A 6th child is added to the Ingest group in shell.jsx, between Upload and Recorders:

{ id: "youtube", label: "YouTube", icon: "download" },

The download glyph already exists in icons.jsx. The matching ingestChildren array in shell.jsx and the crumbs map in app.jsx both gain "youtube".

Screen

A new YouTubeImport component lives in screens-ingest.jsx and is exported on window alongside Upload, Recorders, etc. It is registered as a route in app.jsx.

Layout — visually a sibling of the Upload screen:

  • Header: title "YouTube", subtitle "Paste a link — we download and import the best available MP4."
  • Project selector: same select element as Upload's, pre-selected to the first project.
  • URL input: a single-line field-input with placeholder "Paste a YouTube URL (youtube.com/watch, youtu.be, or shorts)…" and an inline Import button. Enter submits. The button is disabled until a URL pattern matches.
  • Subtitle line under the input: "Only import videos you have rights to use. Private, age-gated, and members-only videos are not supported."
  • Queue panel: identical structure to Upload's queue — one row per submitted URL, showing:
    • Source icon (use link glyph) and the URL (truncated middle, full URL in title tooltip).
    • Title once known (filled in by a poll on the asset row).
    • Progress bar tied to job progress (0100). The worker drives this between 5 and 60 % for download and 60 to 100 % for upload + DB writes.
    • Status pill: queued → downloading → processing → done / failed.
    • Error text if the job fails (red, one line).
    • A "Clear done" button at the top of the queue.

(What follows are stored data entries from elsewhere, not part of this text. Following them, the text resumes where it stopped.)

(* Let $X$ be a scalable monoid over a ring $R$, $S$ a coherent system of unit elements for $X$, and $T\subseteq S$ a normal submonoid of $X$. Then $X/T$ is a scalable monoid, $[t]_T=[1_X]_T$ for every $t\in T$, and $S/T=\{[s]_T\mid s\in S\}$ is a coherent system of unit elements for $X/T$.
   Context: A scalable monoid over a (unital, associative) ring $R$ is a monoid $X$ (identity $1_X$, product written $xy$) together with a map $R\times X\to X$, $(\alpha,x)\mapsto\alpha\cdot x$, such that $1\cdot x=x$, $\alpha\cdot(\beta\cdot x)=\alpha\beta\cdot x$ and $\alpha\cdot(xy)=(\alpha\cdot x)y=x(\alpha\cdot y)$. In a scalable monoid $Y$, $x\sim y$ iff $\alpha\cdot x=\beta\cdot y$ for some $\alpha,\beta\in R$. A unit element is some $u\in Y$ such that every $x\sim u$ equals $\lambda\cdot u$ for some $\lambda\in R$, and $\lambda\cdot u=\lambda'\cdot u$ implies $\lambda=\lambda'$. A set $U\subseteq Y$ is dense if for every $x\in Y$ there is $u\in U$ with $u\sim x$, and sparse if $u\sim v$ implies $u=v$ for $u,v\in U$; a coherent system of unit elements for $Y$ is a submonoid of $Y$ that is a dense and sparse set of unit elements. A submonoid $T$ of $X$ is normal if $xT=Tx$ for all $x\in X$. For such $T$, $x\sim_T y$ iff $mx=ny$ for some $m,n\in T$; this is a congruence, $[x]_T$ denotes the class of $x$, and $X/T$ is the set of classes with $[x]_T[y]_T=[xy]_T$, $\lambda\cdot[x]_T=[\lambda\cdot x]_T$, identity $[1_X]_T$. *)

From mathcomp Require Import all_boot all_algebra.
Set Implicit Arguments. Unset Strict Implicit. Unset Printing Implicit Defensive.
Import GRing.Theory.
Local Open Scope ring_scope.

Section ScalableMonoids.
Variable R : pzRingType.
Variable X : Type.
Variable mul : X -> X -> X.
Variable one : X.
Variable scale : R -> X -> X.

Definition is_scalable_monoid : Prop :=
  (forall x y z, mul x (mul y z) = mul (mul x y) z) /\
  (forall x, mul one x = x) /\
  (forall x, mul x one = x) /\
  (forall x, scale 1 x = x) /\
  (forall (a b : R) x, scale a (scale b x) = scale (a * b) x) /\
  (forall (a : R) x y, scale a (mul x y) = mul (scale a x) y) /\
  (forall (a : R) x y, scale a (mul x y) = mul x (scale a y)).

Definition ssim (x y : X) : Prop := exists a b : R, scale a x = scale b y.

Definition unit_element (u : X) : Prop :=
  (forall x, ssim x u -> exists l : R, x = scale l u) /\
  (forall l l' : R, scale l u = scale l' u -> l = l').

Definition dense (U : X -> Prop) : Prop :=
  forall x, exists u, U u /\ ssim u x.

Definition sparse (U : X -> Prop) : Prop :=
  forall u v, U u -> U v -> ssim u v -> u = v.

Definition submonoid (U : X -> Prop) : Prop :=
  U one /\ (forall x y, U x -> U y -> U (mul x y)).

Definition coherent_system (U : X -> Prop) : Prop :=
  submonoid U /\ dense U /\ sparse U /\ (forall u, U u -> unit_element u).

End ScalableMonoids.

Section Quotient.
Variable X : Type.
Variable mul : X -> X -> X.
Variable one : X.

Definition normal_submonoid (T : X -> Prop) : Prop :=
  submonoid mul one T /\
  (forall x t, T t -> exists t', T t' /\ mul x t = mul t' x) /\
  (forall x t, T t -> exists t', T t' /\ mul t x = mul x t').

Definition simT (T : X -> Prop) (x y : X) : Prop :=
  exists m n, T m /\ T n /\ mul m x = mul n y.

Definition cls (T : X -> Prop) (x : X) : X -> Prop := fun y => simT T x y.

Definition quot (T : X -> Prop) : Type :=
  { A : X -> Prop | exists x, A = cls T x }.

Definition qcls (T : X -> Prop) (x : X) : quot T :=
  exist _ (cls T x) (ex_intro _ x erefl).

Definition quot_set (T S : X -> Prop) : quot T -> Prop :=
  fun q => exists s, S s /\ q = qcls T s.


End Quotient.
Arguments quot_set [X] mul T S _.

From mathcomp Require Import all_boot all_algebra.
From Stdlib Require Import ProofIrrelevance PropExtensionality FunctionalExtensionality ClassicalEpsilon.
Local Open Scope ring_scope.
Set Implicit Arguments.
Unset Strict Implicit.

(* Normality of T makes ~_T a congruence for the product, and since scalars act through
   either factor it is also compatible with scaling, so X/T inherits all the axioms from X.
   Every t in T lies in the monoid S, so t s is again in S for s in S: a similarity between
   classes of S lifts to a similarity in X between elements t s and t' s' of S, where
   sparseness and the unit property of S apply. *)

Section QuotientMonoid.
Variables (X : Type) (mul : X -> X -> X) (one : X) (T : X -> Prop).
Hypothesis mulA : associative mul.
Hypothesis T_normal : normal_submonoid mul one T.

Local Notation sim := (simT mul T).
Local Notation cl := (qcls mul T).

Let T_one : T one. Proof. by case: T_normal => [[]]. Qed.

Let T_mul x y : T x -> T y -> T (mul x y).
Proof. by case: T_normal => [[_ ?] _]; auto. Qed.

Let T_commute x {t} : T t -> exists t', T t' /\ mul x t = mul t' x.
Proof. by case: T_normal => _ [? _]; auto. Qed.

Lemma simT_refl x : sim x x.
Proof. by exists one, one. Qed.

Lemma simT_sym {x y} : sim x y -> sim y x.
Proof. by case=> m [n [Tm [Tn e]]]; exists n, m. Qed.

Lemma simT_trans {x y z} : sim x y -> sim y z -> sim x z.
Proof.
move=> [m [n [Tm [Tn e1]]]] [m' [n' [Tm' [Tn' e2]]]].
have [t [Tt e3]] := T_commute n Tm'.
exists (mul t m), (mul n n'); split; [exact: T_mul | split; first exact: T_mul].
by rewrite -!mulA e1 mulA -e3 -mulA e2.
Qed.

Lemma simT_mul {x x' y y'} : sim x x' -> sim y y' -> sim (mul x y) (mul x' y').
Proof.
move=> [m [n [Tm [Tn ex]]]] [p [q [Tp [Tq ey]]]].
apply: (@simT_trans _ (mul x' y)).
  by exists m, n; do 2 split => //; rewrite !mulA ex.
have [p' [Tp' ep]] := T_commute x' Tp.
have [q' [Tq' eq]] := T_commute x' Tq.
by exists p', q'; do 2 split => //; rewrite !mulA -ep -eq -!mulA ey.
Qed.

Lemma qcls_eqP x y : cl x = cl y <-> sim x y.
Proof.
split=> [e | xy].
  have : cls mul T y y by exact: simT_refl.
  by rewrite -[cls _ _ y]/(sval (cl y)) -e.
apply: subset_eq_compat; apply: functional_extensionality => z.
apply: propositional_extensionality; split; first exact: simT_trans (simT_sym xy).
exact: simT_trans xy.
Qed.

Lemma qcls_surj (q : quot mul T) : exists x, q = cl x.
Proof. by case: q => A [x eA]; exists x; apply: subset_eq_compat. Qed.

Definition quot_repr (q : quot mul T) : X :=
  proj1_sig (constructive_indefinite_description _ (qcls_surj q)).

Lemma quot_reprK q : cl (quot_repr q) = q.
Proof. by rewrite /quot_repr; case: constructive_indefinite_description. Qed.

Lemma quot_ind (P : quot mul T -> Prop) : (forall x, P (cl x)) -> forall q, P q.
Proof. by move=> Pcl q; rewrite -(quot_reprK q). Qed.

Definition quot_mul (p q : quot mul T) : quot mul T :=
  cl (mul (quot_repr p) (quot_repr q)).

Lemma quot_mulE x y : quot_mul (cl x) (cl y) = cl (mul x y).
Proof. by apply/qcls_eqP; apply: simT_mul; apply/qcls_eqP; rewrite quot_reprK. Qed.

Lemma qcls_T (mul1x : left_id one mul) (mulx1 : right_id one mul) t :
  T t -> cl t = cl one.
Proof. by move=> Tt; apply/qcls_eqP; exists one, t; rewrite mul1x mulx1. Qed.

Lemma submonoid_quot_set (S : X -> Prop) :
  submonoid mul one S -> submonoid quot_mul (cl one) (quot_set mul T S).
Proof.
case=> S_one S_mul; split; first by exists one.
move=> _ _ [s [Ss ->]] [s' [Ss' ->]].
by exists (mul s s'); split; [exact: S_mul | exact: quot_mulE].
Qed.

End QuotientMonoid.

Arguments quot_mul {X} mul T p q.

Section QuotientScalableMonoid.
Variables (R : pzRingType) (X : Type) (mul : X -> X -> X) (one : X).
Variables (scale : R -> X -> X) (T : X -> Prop).
Hypothesis mulA : associative mul.
Hypothesis T_normal : normal_submonoid mul one T.
Hypothesis scaleMr : forall a x y, scale a (mul x y) = mul x (scale a y).

Local Notation sim := (simT mul T).
Local Notation cl := (qcls mul T).
Local Notation qmul := (quot_mul mul T).

Definition quot_scale (a : R) (q : quot mul T) : quot mul T :=
  cl (scale a (quot_repr q)).

Local Notation qscale := quot_scale.

Lemma simT_scale a {x y} : sim x y -> sim (scale a x) (scale a y).
Proof. by case=> m [n [Tm [Tn e]]]; exists m, n; rewrite -!scaleMr e. Qed.

Lemma quot_scaleE a x : qscale a (cl x) = cl (scale a x).
Proof.
by apply/(qcls_eqP mulA T_normal); apply: simT_scale;
  apply/(qcls_eqP mulA T_normal); rewrite quot_reprK.
Qed.

Let mulE := quot_mulE mulA T_normal.
Let qind := @quot_ind X mul T.

Lemma quot_scalable_monoid :
  is_scalable_monoid mul one scale -> is_scalable_monoid qmul (cl one) qscale.
Proof.
case=> mA [m1x [mx1 [s1 [sA [sMl sMr]]]]].
split; first by elim/qind=> x; elim/qind=> y; elim/qind=> z; rewrite !mulE mA.
split; first by elim/qind=> x; rewrite mulE m1x.
split; first by elim/qind=> x; rewrite mulE mx1.
split; first by elim/qind=> x; rewrite quot_scaleE s1.
split; first by move=> a b; elim/qind=> x; rewrite !quot_scaleE sA.
split; move=> a; elim/qind=> x; elim/qind=> y; rewrite mulE !quot_scaleE mulE.
  by rewrite sMl.
by rewrite sMr.
Qed.

Lemma ssim_qcls x y : ssim scale x y -> ssim qscale (cl x) (cl y).
Proof. by case=> a [b e]; exists a, b; rewrite !quot_scaleE e. Qed.

Lemma qcls_ssim x y : ssim qscale (cl x) (cl y) ->
  exists m n, T m /\ T n /\ ssim scale (mul m x) (mul n y).
Proof.
case=> a [b]; rewrite !quot_scaleE => /(qcls_eqP mulA T_normal).
by case=> m [n [Tm [Tn e]]]; exists m, n; do 2 split => //; exists a, b; rewrite !scaleMr.
Qed.

Variable S : X -> Prop.
Hypothesis S_submonoid : submonoid mul one S.
Hypothesis T_sub_S : forall t, T t -> S t.

Let S_Tmul {t s} : T t -> S s -> S (mul t s).
Proof. by case: S_submonoid => _ S_mul /T_sub_S; apply: S_mul. Qed.

Lemma dense_quot_set : dense scale S -> dense qscale (quot_set mul T S).
Proof.
move=> S_dense; elim/qind=> x; have [s [Ss sx]] := S_dense x.
by exists (cl s); split; [exists s | exact: ssim_qcls].
Qed.

Lemma sparse_quot_set : sparse scale S -> sparse qscale (quot_set mul T S).
Proof.
move=> S_sparse _ _ [s [Ss ->]] [s' [Ss' ->]] /qcls_ssim [m [n [Tm [Tn e]]]].
by apply/(qcls_eqP mulA T_normal); exists m, n; do 2 split => //; apply: S_sparse; auto.
Qed.

Lemma unit_element_qcls s : sparse scale S -> (forall u, S u -> unit_element scale u) ->
  S s -> unit_element qscale (cl s).
Proof.
move=> S_sparse S_unit Ss; split.
  elim/qind=> x /qcls_ssim [m [n [Tm [Tn e]]]].
  have [l el] := (S_unit _ (S_Tmul Tn Ss)).1 _ e.
  exists l; rewrite quot_scaleE; apply/(qcls_eqP mulA T_normal).
  by exists m, n; rewrite -scaleMr.
move=> l l'; rewrite !quot_scaleE => /(qcls_eqP mulA T_normal) [m [n [Tm [Tn e]]]].
rewrite -!scaleMr in e.
have ems : mul m s = mul n s by apply: S_sparse; [auto | auto | exists l, l'].
by apply: (S_unit _ (S_Tmul Tm Ss)).2; rewrite {2}ems.
Qed.

End QuotientScalableMonoid.

Arguments quot_scale {R X} mul scale T a q.

Theorem propositionA1 (R : pzRingType) (X : Type) (mul : X -> X -> X) (one : X)
  (scale : R -> X -> X) (S T : X -> Prop) :
  is_scalable_monoid mul one scale ->
  coherent_system mul one scale S ->
  (forall t, T t -> S t) ->
  normal_submonoid mul one T ->
  exists (qmul : quot mul T -> quot mul T -> quot mul T)
         (qscale : R -> quot mul T -> quot mul T),
    (forall x y, qmul (qcls mul T x) (qcls mul T y) = qcls mul T (mul x y)) /\
    (forall (a : R) x, qscale a (qcls mul T x) = qcls mul T (scale a x)) /\
    is_scalable_monoid qmul (qcls mul T one) qscale /\
    (forall t, T t -> qcls mul T t = qcls mul T one) /\
    coherent_system qmul (qcls mul T one) qscale (quot_set mul T S).
Proof.
move=> X_scalable [S_sub [S_dense [S_sparse S_unit]]] T_sub_S T_normal.
have [mulA [mul1x [mulx1 [_ [_ [_ scaleMr]]]]]] := X_scalable.
exists (quot_mul mul T), (quot_scale mul scale T).
split; first exact: (quot_mulE mulA T_normal).
split; first exact: (quot_scaleE mulA T_normal scaleMr).
split; first exact: quot_scalable_monoid.
split; first by move=> t; apply: qcls_T.
split; first exact: (submonoid_quot_set mulA T_normal S_sub).
split; first exact: (dense_quot_set mulA T_normal scaleMr S_dense).
split; first exact: (sparse_quot_set mulA T_normal scaleMr S_sub T_sub_S S_sparse).
move=> _ [s [Ss ->]].
exact: (unit_element_qcls mulA T_normal scaleMr S_sub T_sub_S S_sparse S_unit Ss).
Qed.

The queue persists for the session in component state only — no separate UI table. Jobs screen remains the canonical history.

URL validation (client-side, before POST)

Accept (case-insensitive) any of these patterns:

  • https?://(www\.|m\.)?youtube\.com/watch\?[^ ]*v=[A-Za-z0-9_-]{11}
  • https?://youtu\.be/[A-Za-z0-9_-]{11}
  • https?://(www\.)?youtube\.com/shorts/[A-Za-z0-9_-]{11}

Anything else is rejected inline ("That doesn't look like a YouTube URL") without an API call. The server re-validates as a defense-in-depth check.

Out-of-scope v1 (called out, not built)

  • Pasting a playlist URL. Server returns 400 "Playlists aren't supported yet."
  • Multi-line paste. Single URL only.
  • Quality picker. yt-dlp format string is hard-coded.
  • Cookies upload. Private videos fail with a clear message.

2. API

Route

New file services/mam-api/src/routes/imports.js, mounted at /api/v1/imports in services/mam-api/src/index.js.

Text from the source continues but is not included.